TASK BRIEF — I need every line of the material below that includes the string "boolP".

(Beginning of AVAILABLE DATA)

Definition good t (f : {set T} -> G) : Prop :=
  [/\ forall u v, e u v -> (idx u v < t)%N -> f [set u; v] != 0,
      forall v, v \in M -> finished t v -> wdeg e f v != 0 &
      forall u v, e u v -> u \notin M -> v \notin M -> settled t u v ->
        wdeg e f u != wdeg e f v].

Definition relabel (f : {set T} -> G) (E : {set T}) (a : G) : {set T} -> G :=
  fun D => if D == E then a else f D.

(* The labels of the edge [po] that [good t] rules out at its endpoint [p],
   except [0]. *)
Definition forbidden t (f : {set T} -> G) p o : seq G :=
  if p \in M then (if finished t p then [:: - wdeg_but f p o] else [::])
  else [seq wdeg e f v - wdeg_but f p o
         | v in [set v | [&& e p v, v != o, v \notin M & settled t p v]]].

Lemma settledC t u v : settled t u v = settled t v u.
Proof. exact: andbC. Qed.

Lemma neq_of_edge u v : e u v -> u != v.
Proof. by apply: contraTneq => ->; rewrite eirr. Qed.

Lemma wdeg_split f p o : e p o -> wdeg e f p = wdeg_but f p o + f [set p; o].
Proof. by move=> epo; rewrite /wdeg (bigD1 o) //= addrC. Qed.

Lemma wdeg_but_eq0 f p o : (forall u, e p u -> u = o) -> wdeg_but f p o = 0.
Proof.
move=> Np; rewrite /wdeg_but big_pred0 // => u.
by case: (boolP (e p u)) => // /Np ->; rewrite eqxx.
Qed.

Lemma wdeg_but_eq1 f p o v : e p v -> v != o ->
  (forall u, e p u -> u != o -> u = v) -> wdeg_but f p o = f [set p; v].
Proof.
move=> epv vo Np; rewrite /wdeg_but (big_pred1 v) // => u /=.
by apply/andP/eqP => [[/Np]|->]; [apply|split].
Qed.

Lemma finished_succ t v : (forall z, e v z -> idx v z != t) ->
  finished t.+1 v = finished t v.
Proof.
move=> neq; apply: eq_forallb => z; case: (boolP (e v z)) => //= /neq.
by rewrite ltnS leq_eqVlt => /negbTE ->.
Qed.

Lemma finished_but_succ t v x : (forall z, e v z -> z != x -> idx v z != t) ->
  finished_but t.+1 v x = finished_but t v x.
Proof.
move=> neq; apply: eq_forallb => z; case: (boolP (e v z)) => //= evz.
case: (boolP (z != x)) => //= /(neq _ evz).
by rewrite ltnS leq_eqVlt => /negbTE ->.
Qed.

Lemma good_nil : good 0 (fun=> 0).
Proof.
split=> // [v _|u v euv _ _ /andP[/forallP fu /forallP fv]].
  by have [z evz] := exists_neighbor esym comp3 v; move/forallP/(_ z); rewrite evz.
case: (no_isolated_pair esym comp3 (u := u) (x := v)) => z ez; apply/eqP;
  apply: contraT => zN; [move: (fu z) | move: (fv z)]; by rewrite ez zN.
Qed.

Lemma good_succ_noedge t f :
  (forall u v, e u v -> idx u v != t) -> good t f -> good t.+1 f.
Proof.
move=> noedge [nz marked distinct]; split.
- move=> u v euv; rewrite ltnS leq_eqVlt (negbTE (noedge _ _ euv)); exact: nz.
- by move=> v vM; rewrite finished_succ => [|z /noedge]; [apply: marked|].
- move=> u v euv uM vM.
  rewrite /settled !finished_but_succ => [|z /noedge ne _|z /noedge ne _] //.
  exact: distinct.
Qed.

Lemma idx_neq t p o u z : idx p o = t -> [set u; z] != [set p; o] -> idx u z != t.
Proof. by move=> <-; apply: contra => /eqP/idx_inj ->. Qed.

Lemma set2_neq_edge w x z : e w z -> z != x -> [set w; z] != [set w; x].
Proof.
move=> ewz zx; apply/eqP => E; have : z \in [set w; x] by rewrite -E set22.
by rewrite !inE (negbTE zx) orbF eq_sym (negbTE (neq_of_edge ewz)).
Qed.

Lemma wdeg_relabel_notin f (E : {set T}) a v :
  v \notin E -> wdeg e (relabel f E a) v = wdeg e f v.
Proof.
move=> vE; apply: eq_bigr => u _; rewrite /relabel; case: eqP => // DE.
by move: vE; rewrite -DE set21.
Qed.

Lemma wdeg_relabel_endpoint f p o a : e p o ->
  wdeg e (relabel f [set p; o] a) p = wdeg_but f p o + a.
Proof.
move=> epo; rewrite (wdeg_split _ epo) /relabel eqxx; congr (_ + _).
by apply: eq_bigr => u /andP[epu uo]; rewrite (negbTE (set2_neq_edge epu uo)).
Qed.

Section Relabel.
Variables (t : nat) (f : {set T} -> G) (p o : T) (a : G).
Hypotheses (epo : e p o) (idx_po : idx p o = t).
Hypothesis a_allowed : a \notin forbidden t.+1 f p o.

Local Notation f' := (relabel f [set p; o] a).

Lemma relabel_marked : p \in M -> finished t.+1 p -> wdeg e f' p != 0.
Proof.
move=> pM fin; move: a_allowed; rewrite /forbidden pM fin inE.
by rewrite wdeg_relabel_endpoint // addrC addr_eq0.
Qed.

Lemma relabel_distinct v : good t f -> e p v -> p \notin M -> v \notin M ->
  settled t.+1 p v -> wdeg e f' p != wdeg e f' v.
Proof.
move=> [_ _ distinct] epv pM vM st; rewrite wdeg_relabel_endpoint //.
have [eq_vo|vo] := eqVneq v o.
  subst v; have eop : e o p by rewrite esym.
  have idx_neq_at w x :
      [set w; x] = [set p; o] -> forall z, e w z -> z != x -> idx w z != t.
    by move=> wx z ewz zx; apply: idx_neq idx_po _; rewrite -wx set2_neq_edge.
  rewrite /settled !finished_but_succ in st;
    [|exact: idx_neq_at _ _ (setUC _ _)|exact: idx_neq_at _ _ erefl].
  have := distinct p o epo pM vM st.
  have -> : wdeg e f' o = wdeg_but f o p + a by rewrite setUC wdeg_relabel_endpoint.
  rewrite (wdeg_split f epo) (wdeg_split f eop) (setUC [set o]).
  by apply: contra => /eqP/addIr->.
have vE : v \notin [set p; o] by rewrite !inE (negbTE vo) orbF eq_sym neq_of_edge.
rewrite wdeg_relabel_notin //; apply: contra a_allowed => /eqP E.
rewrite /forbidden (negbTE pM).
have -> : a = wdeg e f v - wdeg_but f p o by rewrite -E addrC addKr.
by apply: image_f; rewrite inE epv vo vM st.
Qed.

(End of AVAILABLE DATA)
(Beginning of AVAILABLE DATA)

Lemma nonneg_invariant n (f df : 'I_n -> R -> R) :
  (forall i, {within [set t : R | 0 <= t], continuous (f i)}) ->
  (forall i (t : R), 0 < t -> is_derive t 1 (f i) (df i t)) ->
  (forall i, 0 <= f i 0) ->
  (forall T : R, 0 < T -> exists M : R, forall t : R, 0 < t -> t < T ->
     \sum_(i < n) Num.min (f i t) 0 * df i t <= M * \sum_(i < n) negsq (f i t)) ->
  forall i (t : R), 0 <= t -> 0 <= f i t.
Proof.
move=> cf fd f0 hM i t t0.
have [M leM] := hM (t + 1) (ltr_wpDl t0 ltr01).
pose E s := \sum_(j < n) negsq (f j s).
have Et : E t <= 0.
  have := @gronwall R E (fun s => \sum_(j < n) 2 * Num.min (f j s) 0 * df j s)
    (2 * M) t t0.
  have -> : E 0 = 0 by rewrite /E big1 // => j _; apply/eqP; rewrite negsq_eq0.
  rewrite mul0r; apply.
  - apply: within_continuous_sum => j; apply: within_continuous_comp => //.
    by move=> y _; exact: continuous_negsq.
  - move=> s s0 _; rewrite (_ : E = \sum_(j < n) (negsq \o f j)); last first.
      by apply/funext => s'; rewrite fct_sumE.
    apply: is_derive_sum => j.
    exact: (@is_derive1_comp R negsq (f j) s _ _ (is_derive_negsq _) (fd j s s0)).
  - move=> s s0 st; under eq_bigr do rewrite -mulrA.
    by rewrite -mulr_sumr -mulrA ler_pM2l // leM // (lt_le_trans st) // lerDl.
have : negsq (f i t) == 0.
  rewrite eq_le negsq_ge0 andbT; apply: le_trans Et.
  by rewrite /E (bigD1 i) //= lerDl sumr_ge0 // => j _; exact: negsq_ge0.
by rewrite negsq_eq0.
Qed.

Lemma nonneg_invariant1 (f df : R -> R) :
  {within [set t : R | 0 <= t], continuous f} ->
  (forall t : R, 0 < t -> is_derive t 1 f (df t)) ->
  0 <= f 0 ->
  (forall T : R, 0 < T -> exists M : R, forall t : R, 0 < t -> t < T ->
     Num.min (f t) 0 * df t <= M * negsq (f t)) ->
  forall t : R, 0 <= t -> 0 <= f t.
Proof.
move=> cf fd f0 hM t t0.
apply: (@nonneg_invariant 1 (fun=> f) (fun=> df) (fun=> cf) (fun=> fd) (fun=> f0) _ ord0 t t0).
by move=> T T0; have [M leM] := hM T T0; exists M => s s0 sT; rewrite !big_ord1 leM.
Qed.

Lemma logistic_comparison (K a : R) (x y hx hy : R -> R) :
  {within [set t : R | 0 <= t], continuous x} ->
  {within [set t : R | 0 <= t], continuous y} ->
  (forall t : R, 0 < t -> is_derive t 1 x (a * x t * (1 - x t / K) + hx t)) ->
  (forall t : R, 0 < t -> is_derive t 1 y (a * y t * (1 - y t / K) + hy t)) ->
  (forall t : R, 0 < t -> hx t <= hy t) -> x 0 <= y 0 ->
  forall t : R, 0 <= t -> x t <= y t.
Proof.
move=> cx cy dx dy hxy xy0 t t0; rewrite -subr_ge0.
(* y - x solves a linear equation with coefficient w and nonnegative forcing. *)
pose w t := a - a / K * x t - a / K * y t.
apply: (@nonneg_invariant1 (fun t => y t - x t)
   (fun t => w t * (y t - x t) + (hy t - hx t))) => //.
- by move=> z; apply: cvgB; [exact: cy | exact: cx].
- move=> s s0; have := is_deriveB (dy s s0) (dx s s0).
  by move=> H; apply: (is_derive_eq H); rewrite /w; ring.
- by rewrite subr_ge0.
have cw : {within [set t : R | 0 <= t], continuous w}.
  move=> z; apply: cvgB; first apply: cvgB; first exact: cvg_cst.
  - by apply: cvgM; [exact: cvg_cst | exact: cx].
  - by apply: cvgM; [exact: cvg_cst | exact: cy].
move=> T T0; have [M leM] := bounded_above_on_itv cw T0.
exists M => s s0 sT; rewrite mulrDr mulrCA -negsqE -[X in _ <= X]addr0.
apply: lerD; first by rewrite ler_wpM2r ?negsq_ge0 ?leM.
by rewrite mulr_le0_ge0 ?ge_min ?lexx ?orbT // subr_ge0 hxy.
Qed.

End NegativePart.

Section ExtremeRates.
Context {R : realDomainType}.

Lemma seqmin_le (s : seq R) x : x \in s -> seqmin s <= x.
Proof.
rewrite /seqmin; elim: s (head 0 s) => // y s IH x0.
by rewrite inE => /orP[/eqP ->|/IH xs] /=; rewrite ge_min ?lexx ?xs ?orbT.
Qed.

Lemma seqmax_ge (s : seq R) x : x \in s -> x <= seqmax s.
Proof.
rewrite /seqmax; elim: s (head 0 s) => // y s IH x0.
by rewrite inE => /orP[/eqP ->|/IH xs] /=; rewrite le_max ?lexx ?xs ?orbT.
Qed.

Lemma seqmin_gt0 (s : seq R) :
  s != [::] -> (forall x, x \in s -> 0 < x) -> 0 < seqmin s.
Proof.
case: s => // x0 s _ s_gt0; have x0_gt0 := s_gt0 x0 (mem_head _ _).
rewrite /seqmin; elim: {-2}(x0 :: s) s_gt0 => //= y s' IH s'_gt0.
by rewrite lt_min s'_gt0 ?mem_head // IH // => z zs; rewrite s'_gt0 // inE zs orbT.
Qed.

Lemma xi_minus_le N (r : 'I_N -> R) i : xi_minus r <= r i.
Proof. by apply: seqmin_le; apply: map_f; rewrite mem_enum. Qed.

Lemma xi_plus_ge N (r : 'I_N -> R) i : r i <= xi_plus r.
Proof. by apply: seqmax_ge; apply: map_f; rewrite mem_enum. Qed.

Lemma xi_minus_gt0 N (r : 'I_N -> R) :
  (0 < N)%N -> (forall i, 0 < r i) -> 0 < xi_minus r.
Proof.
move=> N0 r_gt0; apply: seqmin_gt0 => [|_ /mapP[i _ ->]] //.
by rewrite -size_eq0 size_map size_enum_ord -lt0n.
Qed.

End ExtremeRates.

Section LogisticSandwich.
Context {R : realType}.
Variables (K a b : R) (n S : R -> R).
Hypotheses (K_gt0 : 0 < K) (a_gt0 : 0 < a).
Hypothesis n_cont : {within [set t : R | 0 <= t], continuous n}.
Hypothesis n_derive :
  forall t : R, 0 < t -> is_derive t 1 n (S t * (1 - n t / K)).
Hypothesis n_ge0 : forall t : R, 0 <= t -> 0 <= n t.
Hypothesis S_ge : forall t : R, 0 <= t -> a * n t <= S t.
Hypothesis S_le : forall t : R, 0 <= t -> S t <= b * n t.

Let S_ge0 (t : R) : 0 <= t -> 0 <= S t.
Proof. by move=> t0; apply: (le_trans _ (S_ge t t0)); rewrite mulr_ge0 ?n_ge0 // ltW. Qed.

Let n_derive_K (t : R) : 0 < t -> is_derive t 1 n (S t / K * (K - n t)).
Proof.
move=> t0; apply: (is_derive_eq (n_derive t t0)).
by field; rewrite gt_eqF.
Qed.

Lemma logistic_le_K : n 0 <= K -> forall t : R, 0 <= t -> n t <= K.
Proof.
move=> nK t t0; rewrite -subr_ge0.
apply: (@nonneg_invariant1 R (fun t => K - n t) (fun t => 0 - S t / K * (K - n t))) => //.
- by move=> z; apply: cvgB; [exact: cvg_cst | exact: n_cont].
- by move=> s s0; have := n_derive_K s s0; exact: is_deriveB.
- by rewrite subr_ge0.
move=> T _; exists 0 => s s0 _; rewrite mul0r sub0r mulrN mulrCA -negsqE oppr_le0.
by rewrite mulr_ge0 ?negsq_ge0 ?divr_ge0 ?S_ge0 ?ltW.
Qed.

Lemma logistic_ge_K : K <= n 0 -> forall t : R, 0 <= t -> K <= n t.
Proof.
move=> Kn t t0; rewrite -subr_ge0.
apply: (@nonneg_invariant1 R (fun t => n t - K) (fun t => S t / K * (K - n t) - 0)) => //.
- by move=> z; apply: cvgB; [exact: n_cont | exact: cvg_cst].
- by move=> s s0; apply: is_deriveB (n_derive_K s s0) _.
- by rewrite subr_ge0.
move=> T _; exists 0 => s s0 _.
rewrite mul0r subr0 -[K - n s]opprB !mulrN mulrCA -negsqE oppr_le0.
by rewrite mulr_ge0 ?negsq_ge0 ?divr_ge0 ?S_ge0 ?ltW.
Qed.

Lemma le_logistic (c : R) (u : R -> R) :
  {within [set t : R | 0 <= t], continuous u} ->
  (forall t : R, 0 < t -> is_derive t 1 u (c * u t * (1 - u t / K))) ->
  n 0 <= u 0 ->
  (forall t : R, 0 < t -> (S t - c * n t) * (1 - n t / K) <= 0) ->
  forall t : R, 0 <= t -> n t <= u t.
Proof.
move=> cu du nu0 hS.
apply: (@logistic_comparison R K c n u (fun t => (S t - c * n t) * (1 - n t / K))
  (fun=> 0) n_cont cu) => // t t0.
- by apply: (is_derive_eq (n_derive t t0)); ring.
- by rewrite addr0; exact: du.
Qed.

(End of AVAILABLE DATA)
(Beginning of AVAILABLE DATA)

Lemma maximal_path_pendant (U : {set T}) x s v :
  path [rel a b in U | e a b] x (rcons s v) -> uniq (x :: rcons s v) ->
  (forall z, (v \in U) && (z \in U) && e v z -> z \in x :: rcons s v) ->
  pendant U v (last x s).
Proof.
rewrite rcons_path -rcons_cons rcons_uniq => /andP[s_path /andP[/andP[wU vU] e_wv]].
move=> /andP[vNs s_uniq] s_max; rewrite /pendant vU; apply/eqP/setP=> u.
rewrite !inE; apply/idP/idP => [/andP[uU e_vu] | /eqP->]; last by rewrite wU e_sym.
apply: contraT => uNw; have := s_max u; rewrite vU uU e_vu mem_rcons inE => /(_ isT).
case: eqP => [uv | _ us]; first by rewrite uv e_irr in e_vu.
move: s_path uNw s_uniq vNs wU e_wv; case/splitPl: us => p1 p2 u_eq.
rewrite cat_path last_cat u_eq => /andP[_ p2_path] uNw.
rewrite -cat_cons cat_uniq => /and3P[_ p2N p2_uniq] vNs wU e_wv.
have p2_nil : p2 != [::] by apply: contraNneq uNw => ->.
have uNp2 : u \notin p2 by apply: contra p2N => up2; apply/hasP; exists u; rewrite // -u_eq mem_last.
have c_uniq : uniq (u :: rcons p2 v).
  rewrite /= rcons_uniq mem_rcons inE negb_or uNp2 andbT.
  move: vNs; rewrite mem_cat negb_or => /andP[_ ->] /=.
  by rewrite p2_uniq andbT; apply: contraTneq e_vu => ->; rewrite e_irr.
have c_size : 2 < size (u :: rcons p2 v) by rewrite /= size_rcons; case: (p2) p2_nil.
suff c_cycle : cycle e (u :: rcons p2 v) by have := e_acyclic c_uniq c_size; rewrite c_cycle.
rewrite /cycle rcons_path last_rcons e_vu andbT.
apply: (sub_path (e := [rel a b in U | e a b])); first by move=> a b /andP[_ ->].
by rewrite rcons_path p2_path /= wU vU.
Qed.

(End of AVAILABLE DATA)

EXPECTED ANSWER —
by case: (boolP (e p u)) => // /Np ->; rewrite eqxx.
move=> neq; apply: eq_forallb => z; case: (boolP (e v z)) => //= /neq.
move=> neq; apply: eq_forallb => z; case: (boolP (e v z)) => //= evz.
case: (boolP (z != x)) => //= /(neq _ evz).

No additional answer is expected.